Directions for this task:
Please repeat the lines below, exactly and only, from the one that holds "Definition is_poly_deg_pos_lead (n" through the one that holds "induction, since the".

Data shown Start Marker

(* For $t\in\mathbb R$ let $a_n=a_n(t)>0$ ($n\ge1$, $a_0=0$) be the recurrence coefficients in $a_{n+1}p_{n+1}(x)=xp_n(x)-a_np_{n-1}(x)$ of the orthonormal polynomials for the weight $\exp(-x^4/4-tx^2)$ on $\mathbb R$. Then for all $n\ge1$: $$a_n^2\big(a_{n-1}^2+a_n^2+a_{n+1}^2\big)+2ta_n^2=n,$$ $$4a_n^3\ddot a_n=(3a_n^4+2ta_n^2-n)(a_n^4+2ta_n^2+n),$$ and $u_n=a_n^2$ satisfies the Painlevé IV equation $$\ddot u=\frac{\dot u^2}{2u}+\frac{3u^3}{2}+4tu^2+2(t^2-\alpha)u+\frac{\beta}{u}\quad\text{with }\alpha=-\frac n2,\ \beta=-\frac{n^2}{2}.$$
   Context: Dots denote $d/dt$. *)

From Stdlib Require Import Reals.
From Coquelicot Require Import Coquelicot.
Open Scope R_scope.

Definition quartic_weight (t x : R) : R := exp (- x ^ 4 / 4 - t * x ^ 2).

Definition is_poly_deg_pos_lead (n : nat) (f : R -> R) : Prop :=
  exists c : nat -> R, 0 < c n /\ forall x, f x = sum_f_R0 (fun k => c k * x ^ k) n.

Definition orthonormal_system (w : R -> R) (p : nat -> R -> R) : Prop :=
  (forall n, is_poly_deg_pos_lead n (p n)) /\
  (forall m n, is_RInt_gen (fun x => p m x * p n x * w x)
                  (Rbar_locally m_infty) (Rbar_locally p_infty)
                  (if Nat.eqb m n then 1 else 0)).

(* a : nat -> R are the recurrence coefficients of p:
   a_0 = 0, a_n > 0 for n >= 1 and a_{n+1} p_{n+1}(x) = x p_n(x) - a_n p_{n-1}(x)
   (for n = 0 the last term vanishes since a_0 = 0). *)
Definition recurrence_coeffs (p : nat -> R -> R) (a : nat -> R) : Prop :=
  a 0%nat = 0 /\ (forall n, (1 <= n)%nat -> 0 < a n) /\
  (forall n x, a (S n) * p (S n) x = x * p n x - a n * p (n - 1)%nat x).

(* Write u_n = a_n^2.  The Freud equation comes from integrating the derivative of p_n p_(n-1) w
   over the line: the boundary term vanishes, p_n' contributes its p_(n-1)-coefficient n / a_n
   (read off from the differentiated three-term recurrence), and w' = -(x^3 + 2 t x) w contributes
   the Jacobi-matrix elements <x^3 p_n, p_(n-1)> + 2 t <x p_n, p_(n-1)>.
   Differentiating in t gives the Toda equation u_n' = u_n (u_(n-1) - u_(n+1)): for n = 1 because
   u_1 = m_2 / m_0 for the even moments, which satisfy m_2k' = - m_(2k+2), and for larger n by
   induction, since the Freud equation expresses u_(n+1) through u_n, u_(n-1) and t.
   Differentiating the Toda equation once more and eliminating u_(n-2), ..., u_(n+2) with the Freud
   equations at n-1, n, n+1 yields Painleve IV for u_n; the equation for a_n = sqrt u_n then follows
   from 4 a^3 a'' = 2 u u'' - u'^2. *)

From Stdlib Require Import Reals Lra Lia FunctionalExtensionality.
From Coquelicot Require Import Coquelicot.
Open Scope R_scope.

Notation minf := (Rbar_locally m_infty).
Notation pinf := (Rbar_locally p_infty).

Lemma is_RInt_gen_ext_pointwise (f g : R -> R) l :
  (forall x, f x = g x) -> is_RInt_gen f minf pinf l -> is_RInt_gen g minf pinf l.
Proof.
  intros Hfg Hf. apply is_RInt_gen_ext with f; [| exact Hf].
  apply filter_forall. intros; apply Hfg.
Qed.

Lemma is_RInt_gen_lincomb (f g : R -> R) lf lg c d :
  is_RInt_gen f minf pinf lf -> is_RInt_gen g minf pinf lg ->
  is_RInt_gen (fun x => c * f x + d * g x) minf pinf (c * lf + d * lg).
Proof.
  intros Hf Hg.
  exact (is_RInt_gen_plus _ _ _ _ (is_RInt_gen_scal _ c _ Hf) (is_RInt_gen_scal _ d _ Hg)).
Qed.

Lemma is_RInt_gen_le (f g : R -> R) lf lg :
  (forall x, f x <= g x) ->
  is_RInt_gen f minf pinf lf -> is_RInt_gen g minf pinf lg -> lf <= lg.
Proof.
  intros Hfg Hf Hg.
  assert (Hd := is_RInt_gen_lincomb _ _ _ _ (-1) 1 Hf Hg).
  assert (Hnorm : norm (-1 * lf + 1 * lg) <= -1 * lf + 1 * lg).
  { refine (RInt_gen_norm _ _ _ _ _ _ Hd Hd).
    - apply Filter_prod with (fun x => x < 0) (fun y => 0 < y);
        [exists 0; auto | exists 0; auto | intros x y Hx Hy; simpl; lra].
    - apply filter_forall. intros ab x _. specialize (Hfg x).
      unfold norm; simpl; unfold abs; simpl. rewrite Rabs_right; lra. }
  pose proof (norm_ge_0 (-1 * lf + 1 * lg)). lra.
Qed.

Lemma is_RInt_gen_RInt_close (f : R -> R) l :
  is_RInt_gen f minf pinf l -> (forall a b, ex_RInt f a b) ->
  forall eps, 0 < eps -> exists A B, forall a b, a < A -> B < b -> Rabs (RInt f a b - l) < eps.
Proof.
  intros Hf Hex eps Heps.
  destruct (Hf _ (locally_ball l (mkposreal eps Heps))) as [P Q [A HA] [B HB] HPQ].
  exists A, B. intros a b Ha Hb.
  destruct (HPQ a b (HA a Ha) (HB b Hb)) as [y [Hy Hball]].
  simpl in Hy. rewrite (is_RInt_unique _ _ _ _ Hy). exact Hball.
Qed.

Lemma continuous_of_is_derive (f : R -> R) (x l : R) : is_derive f x l -> continuous f x.
Proof.
  intros Hf. apply (ex_derive_continuous (K := R_AbsRing) (V := R_NormedModule)).
  exists l. exact Hf.
Qed.

Lemma ex_RInt_of_continuous (f : R -> R) :
  (forall x, continuous f x) -> forall a b, ex_RInt f a b.
Proof.
  intros Hf a b. apply (ex_RInt_continuous (V := R_CompleteNormedModule)). intros; apply Hf.
Qed.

Data shown End Marker

Written answer:
Definition is_poly_deg_pos_lead (n : nat) (f : R -> R) : Prop :=
  exists c : nat -> R, 0 < c n /\ forall x, f x = sum_f_R0 (fun k => c k * x ^ k) n.

Definition orthonormal_system (w : R -> R) (p : nat -> R -> R) : Prop :=
  (forall n, is_poly_deg_pos_lead n (p n)) /\
  (forall m n, is_RInt_gen (fun x => p m x * p n x * w x)
                  (Rbar_locally m_infty) (Rbar_locally p_infty)
                  (if Nat.eqb m n then 1 else 0)).

(* a : nat -> R are the recurrence coefficients of p:
   a_0 = 0, a_n > 0 for n >= 1 and a_{n+1} p_{n+1}(x) = x p_n(x) - a_n p_{n-1}(x)
   (for n = 0 the last term vanishes since a_0 = 0). *)
Definition recurrence_coeffs (p : nat -> R -> R) (a : nat -> R) : Prop :=
  a 0%nat = 0 /\ (forall n, (1 <= n)%nat -> 0 < a n) /\
  (forall n x, a (S n) * p (S n) x = x * p n x - a n * p (n - 1)%nat x).

(* Write u_n = a_n^2.  The Freud equation comes from integrating the derivative of p_n p_(n-1) w
   over the line: the boundary term vanishes, p_n' contributes its p_(n-1)-coefficient n / a_n
   (read off from the differentiated three-term recurrence), and w' = -(x^3 + 2 t x) w contributes
   the Jacobi-matrix elements <x^3 p_n, p_(n-1)> + 2 t <x p_n, p_(n-1)>.
   Differentiating in t gives the Toda equation u_n' = u_n (u_(n-1) - u_(n+1)): for n = 1 because
   u_1 = m_2 / m_0 for the even moments, which satisfy m_2k' = - m_(2k+2), and for larger n by
   induction, since the Freud equation expresses u_(n+1) through u_n, u_(n-1) and t.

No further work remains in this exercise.